(* Let $m\in\mathbb N$. Suppose $a>0$ is such that for every $u\in H^1(\mathbb B^2)$ with $\int_{\mathbb S^1}e^u\,p\,d\mu_{\mathbb S^1}=0$ for all $p\in\mathring{\mathcal P}_m$, $$a\int_{\mathbb B^2}|\nabla u|^2dx\ge\log\Big(\frac1{2\pi}\int_{\mathbb S^1}e^{u-\bar u}d\mu_{\mathbb S^1}\Big),\qquad\bar u=\frac1{2\pi}\int_{\mathbb S^1}u\,d\mu_{\mathbb S^1}.$$ Then $a\ge\frac{1}{4\pi(m+1)}$.
   Context: $\mathbb B^2$ is the open unit disk, $\mathbb S^1$ its boundary with arclength measure $\mu_{\mathbb S^1}$; $u$ on $\mathbb S^1$ denotes the trace. $\mathcal P_m$ denotes the polynomials on $\mathbb R^2$ of degree at most $m$, and $\mathring{\mathcal P}_m=\{p\in\mathcal P_m:\int_{\mathbb S^1}p\,d\mu_{\mathbb S^1}=0\}$. *)

From Stdlib Require Import Reals.
From Coquelicot Require Import Coquelicot.
Open Scope R_scope.

Definition dx (u : R -> R -> R) (x y : R) : R := Derive (fun t => u t y) x.
Definition dy (u : R -> R -> R) (x y : R) : R := Derive (fun t => u x t) y.

(* u is C^1 on R^2: partial derivatives exist everywhere and are (jointly)
   continuous. Such u restrict to H^1(B^2) functions whose trace is u|_{S^1}. *)
Definition C1_plane (u : R -> R -> R) : Prop :=
  forall x y,
    ex_derive (fun t => u t y) x /\ ex_derive (fun t => u x t) y /\
    continuity_2d_pt (dx u) x y /\ continuity_2d_pt (dy u) x y.

Definition circ_int (f : R -> R -> R) : R :=
  RInt (fun t => f (cos t) (sin t)) 0 (2 * PI).

(* Integral over the open unit disk B^2 (Lebesgue measure), written as an
   iterated integral (integrands used below are continuous on the closed disk). *)
Definition disk_int (f : R -> R -> R) : R :=
  RInt (fun x => RInt (fun y => f x y) (- sqrt (1 - x ^ 2)) (sqrt (1 - x ^ 2))) (-1) 1.

Definition dirichlet (u : R -> R -> R) : R :=
  disk_int (fun x y => (dx u x y) ^ 2 + (dy u x y) ^ 2).

Definition bmean (u : R -> R -> R) : R := / (2 * PI) * circ_int u.

Definition is_poly_deg (m : nat) (p : R -> R -> R) : Prop :=
  exists c : nat -> nat -> R, forall x y,
    p x y = sum_f_R0 (fun i => sum_f_R0 (fun j => c i j * x ^ i * y ^ j) (m - i)) m.

Definition in_P0 (m : nat) (p : R -> R -> R) : Prop :=
  is_poly_deg m p /\ circ_int p = 0.

From Stdlib Require Import Reals Lra Lia Psatz.
From Coquelicot Require Import Coquelicot.
Open Scope R_scope.

(* Test the inequality on u_eps = eps Re (x + i y)^(m+1).  Its trace on
   the circle is eps cos ((m+1) t), so its boundary mean is 0, and e^(u_eps)
   restricted to the circle is a continuous function h invariant under the
   rotation by 2PI/(m+1) and the reflection t |-> -t.  Such an h is
   uncorrelated with every trigonometric polynomial of degree <= m, i.e.
   int h F = (mean of h) int F; in particular the moment conditions hold.
   The Dirichlet energy of u_eps is eps^2 (m+1)^2 int_{B^2} |z|^(2m) =
   eps^2 (m+1) PI, while the cubic Taylor bound for exp gives
   (1/2PI) int e^(u_eps) >= 1 + eps^2/4 - eps^3/6.  Hence
   a (m+1) PI eps^2 >= ln (1 + eps^2/4 - eps^3/6) for all small eps > 0, which
   forces a (m+1) PI >= 1/4.
   The file develops, in order: continuity and Riemann-integral tools on R;
   integrals over a period; the averaging lemma (section Uncorrelated); the
   harmonic polynomials Re z^n, Im z^n; the disk integral of |z|^(2n) computed
   through explicit primitives; elementary inequalities and the limiting
   argument; the test functions and the theorem. *)

(* Continuity of real functions, specialised to R so that unification finds
   the Coquelicot structures. *)
Lemma continuous_mult_R (f g : R -> R) (x : R) :
  continuous f x -> continuous g x -> continuous (fun t => f t * g t) x.
Proof. exact (continuous_mult (U:=R_UniformSpace) (K:=R_AbsRing) f g x). Qed.
Lemma srep_valid t phi psi : sig_valid t ->
  inj_on (size (s_src t)) phi -> inj_on (size (s_tgt t)) psi -> sig_valid (srep t phi psi).
Proof. by move=> tv phi_inj psi_inj; have [] := srep_hom tv phi_inj psi_inj. Qed.

Lemma sig_rel_srep t phi psi : sig_valid t ->
  inj_on (size (s_src t)) phi -> inj_on (size (s_tgt t)) psi -> sig_rel t (srep t phi psi).
Proof. by move=> tv phi_inj psi_inj; split => //; split; first exact: srep_valid. Qed.

Lemma srep_self t : sig_valid t -> s_f (srep t (s_in t) (s_out t)) = s_f t.
Proof. by move=> [in_inj [out_inj fh]] /=; rewrite !trf_id // (hom_idr fh) (hom_idl fh). Qed.

Lemma srep_change t phi psi phi' psi' : sig_valid t ->
  inj_on (size (s_src t)) phi -> inj_on (size (s_tgt t)) psi ->
  inj_on (size (s_src t)) phi' -> inj_on (size (s_tgt t)) psi' ->
  s_f (srep t phi psi) =
  compm (trf psi psi' (s_tgt t)) (compm (s_f (srep t phi' psi')) (trf phi' phi (s_src t))).
Proof.
move=> [in_inj [out_inj fh]] phi_inj psi_inj phi'_inj psi'_inj /=.
have hE := trf_hom phi'_inj phi_inj; have hD := trf_hom in_inj phi'_inj.
have hB := trf_hom psi'_inj out_inj; have hA := trf_hom psi_inj psi'_inj.
rewrite -(hom_compA hE (hom_comp hD fh) hB) -(hom_compA hE hD fh) trf_comp //.
by rewrite (hom_compA (hom_comp (trf_hom in_inj phi_inj) fh) hB hA) trf_comp.
Qed.

Lemma srep_rel t t' phi psi : sig_rel t t' ->
  inj_on (size (s_src t)) phi -> inj_on (size (s_tgt t)) psi ->
  s_f (srep t phi psi) = s_f (srep t' phi psi).
Proof.
move=> [tv [[in'_inj [out'_inj _]] [es [et ef]]]] phi_inj psi_inj.
rewrite es et in in'_inj out'_inj.
by rewrite (srep_change tv phi_inj psi_inj in'_inj out'_inj) /= ef es et.
Qed.

Lemma srep_equiv t t' : sig_equiv t t' ->
  [/\ s_src t = s_src t', s_tgt t = s_tgt t' &
      forall phi psi, inj_on (size (s_src t)) phi -> inj_on (size (s_tgt t)) psi ->
        s_f (srep t phi psi) = s_f (srep t' phi psi)].
Proof.
elim=> {t t'} [t t' tt'|t|t t' _ [es et E]|t t' t'' _ [es et E] _ [es' et' E']].
- by have [_ [_ [-> [-> _]]]] := tt'; split=> // phi psi; apply: srep_rel.
- by [].
- split=> [|| phi psi phi_inj psi_inj]; rewrite ?es ?et //.
  by rewrite E ?es ?et.
- split=> [|| phi psi phi_inj psi_inj]; rewrite ?es ?es' ?et ?et' //.
  by rewrite E // E' -?es -?et.
Qed.

Lemma scomp_valid t1 t2 : sig_valid t1 -> sig_valid t2 -> s_tgt t1 = s_src t2 ->
  sig_valid (scomp t2 t1).
Proof.
move=> [in1_inj [out1_inj f1h]] [in2_inj [out2_inj f2h]] e; rewrite -e in in2_inj f2h.
by split=> //; split=> //; apply: hom_comp f2h; apply: hom_comp f1h (trf_hom in2_inj out1_inj).
Qed.

Lemma scomp_srep t1 t2 phi psi rho : sig_valid t1 -> sig_valid t2 -> s_tgt t1 = s_src t2 ->
  inj_on (size (s_src t1)) phi -> inj_on (size (s_tgt t1)) psi ->
  inj_on (size (s_tgt t2)) rho ->
  s_f (srep (scomp t2 t1) phi rho) = compm (s_f (srep t2 psi rho)) (s_f (srep t1 phi psi)).
Proof.
move=> [in1_inj [out1_inj f1h]] [in2_inj [out2_inj f2h]] e phi_inj psi_inj rho_inj /=.
rewrite -e in in2_inj f2h *.
have h1 := trf_hom in1_inj phi_inj; have hm := trf_hom in2_inj out1_inj.
have hr := trf_hom rho_inj out2_inj.
have hp1 := trf_hom psi_inj out1_inj; have hp2 := trf_hom in2_inj psi_inj.
have hf1t := hom_comp h1 f1h; have hZ := hom_comp hf1t hp1.
rewrite -(hom_compA hZ (hom_comp hp2 f2h) hr) -(hom_compA hZ hp2 f2h).
rewrite (hom_compA hf1t hp1 hp2) trf_comp //.
by rewrite -(hom_compA h1 (hom_comp f1h hm) f2h) -(hom_compA h1 f1h hm).
Qed.

Lemma stensor_valid t1 t2 : sig_valid t1 -> sig_valid t2 -> sig_valid (stensor t1 t2).
Proof.
move=> t1v t2v; have [in1_inj [out1_inj _]] := t1v; have [in2_inj [out2_inj _]] := t2v.
have ini := inj_on_even_odd in1_inj in2_inj; have outi := inj_on_even_odd out1_inj out2_inj.
rewrite /sig_valid /= !size_cat; split=> //; split=> //.
rewrite !pushf_cat_inj //; apply: hom_addm; try exact: disj_supp_pushf_cat.
- by apply: srep_hom => //; apply: inj_on_postc => //; apply: double_inj.
- by apply: srep_hom => //; apply: inj_on_postc => // x y [] /double_inj.
Qed.

Lemma stensor_srep t1 t2 phi1 phi2 psi1 psi2 : sig_valid t1 -> sig_valid t2 ->
  inj_on (size (s_src t1) + size (s_src t2)) (cat_inj (size (s_src t1)) phi1 phi2) ->
  inj_on (size (s_tgt t1) + size (s_tgt t2)) (cat_inj (size (s_tgt t1)) psi1 psi2) ->
  s_f (srep (stensor t1 t2) (cat_inj (size (s_src t1)) phi1 phi2)
                            (cat_inj (size (s_tgt t1)) psi1 psi2)) =
  addm (s_f (srep t1 phi1 psi1)) (s_f (srep t2 phi2 psi2)).
Proof.
move=> t1v t2v phi_inj psi_inj.
have [in1_inj [out1_inj _]] := t1v; have [in2_inj [out2_inj _]] := t2v.
have ini := inj_on_even_odd in1_inj in2_inj; have outi := inj_on_even_odd out1_inj out2_inj.
have [phi1_inj phi2_inj] := conj (inj_on_catl phi_inj) (inj_on_catr phi_inj).
have [psi1_inj psi2_inj] := conj (inj_on_catl psi_inj) (inj_on_catr psi_inj).
have [ina_inj inb_inj] := conj (inj_on_catl ini) (inj_on_catr ini).
have [outa_inj outb_inj] := conj (inj_on_catl outi) (inj_on_catr outi).
rewrite /= !trf_cat_inj //.
have fah := srep_hom t1v ina_inj outa_inj; have fbh := srep_hom t2v inb_inj outb_inj.
rewrite (addm_comp_hom (trf_hom ina_inj phi1_inj) (trf_hom inb_inj phi2_inj) fah fbh);
  try exact: disj_supp_pushf_cat.
rewrite (addm_comp_hom (hom_comp (trf_hom ina_inj phi1_inj) fah)
                       (hom_comp (trf_hom inb_inj phi2_inj) fbh)
                       (trf_hom psi1_inj outa_inj) (trf_hom psi2_inj outb_inj));
  try exact: disj_supp_pushf_cat.
by congr addm; apply/esym/srep_change.
Qed.

(* The coherence isomorphism of Sigma(C) putting the entries of L in the order of L'. *)
Definition sperm_keys L L' : sig_mor C :=
  sperm (map snd L) (map snd L') (fun j => index (nth 0 (map fst L') j) (map fst L)).

Lemma sperm_keys_valid L L' : Permutation L L' -> uniq (map fst L) ->
  sig_valid (sperm_keys L L').
Proof.
move=> LL' uL; have uL' : uniq (map fst L') by rewrite -(perm_uniq (perm_eq_keys LL')).
have P_inj := inj_keys_pinj_index (K := map fst L).
split; first by move=> i j x y _ _ /pinj_inj.
split; first exact: inj_on_restr uL' (inj_keys_perm LL' P_inj).
split; first exact: dom_idm.
by rewrite cod_idm (pushf_ext (pinj_restr uL)) (pushf_perm LL').
Qed.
===
Reproduce the lines of the entries above from the one with "ex_derive (fun t => u t" to the one with "RInt (fun t", both included, exactly and without any other line.

◆ RESULT OF THIS EXERCISE:
    ex_derive (fun t => u t y) x /\ ex_derive (fun t => u x t) y /\
    continuity_2d_pt (dx u) x y /\ continuity_2d_pt (dy u) x y.

Definition circ_int (f : R -> R -> R) : R :=
  RInt (fun t => f (cos t) (sin t)) 0 (2 * PI).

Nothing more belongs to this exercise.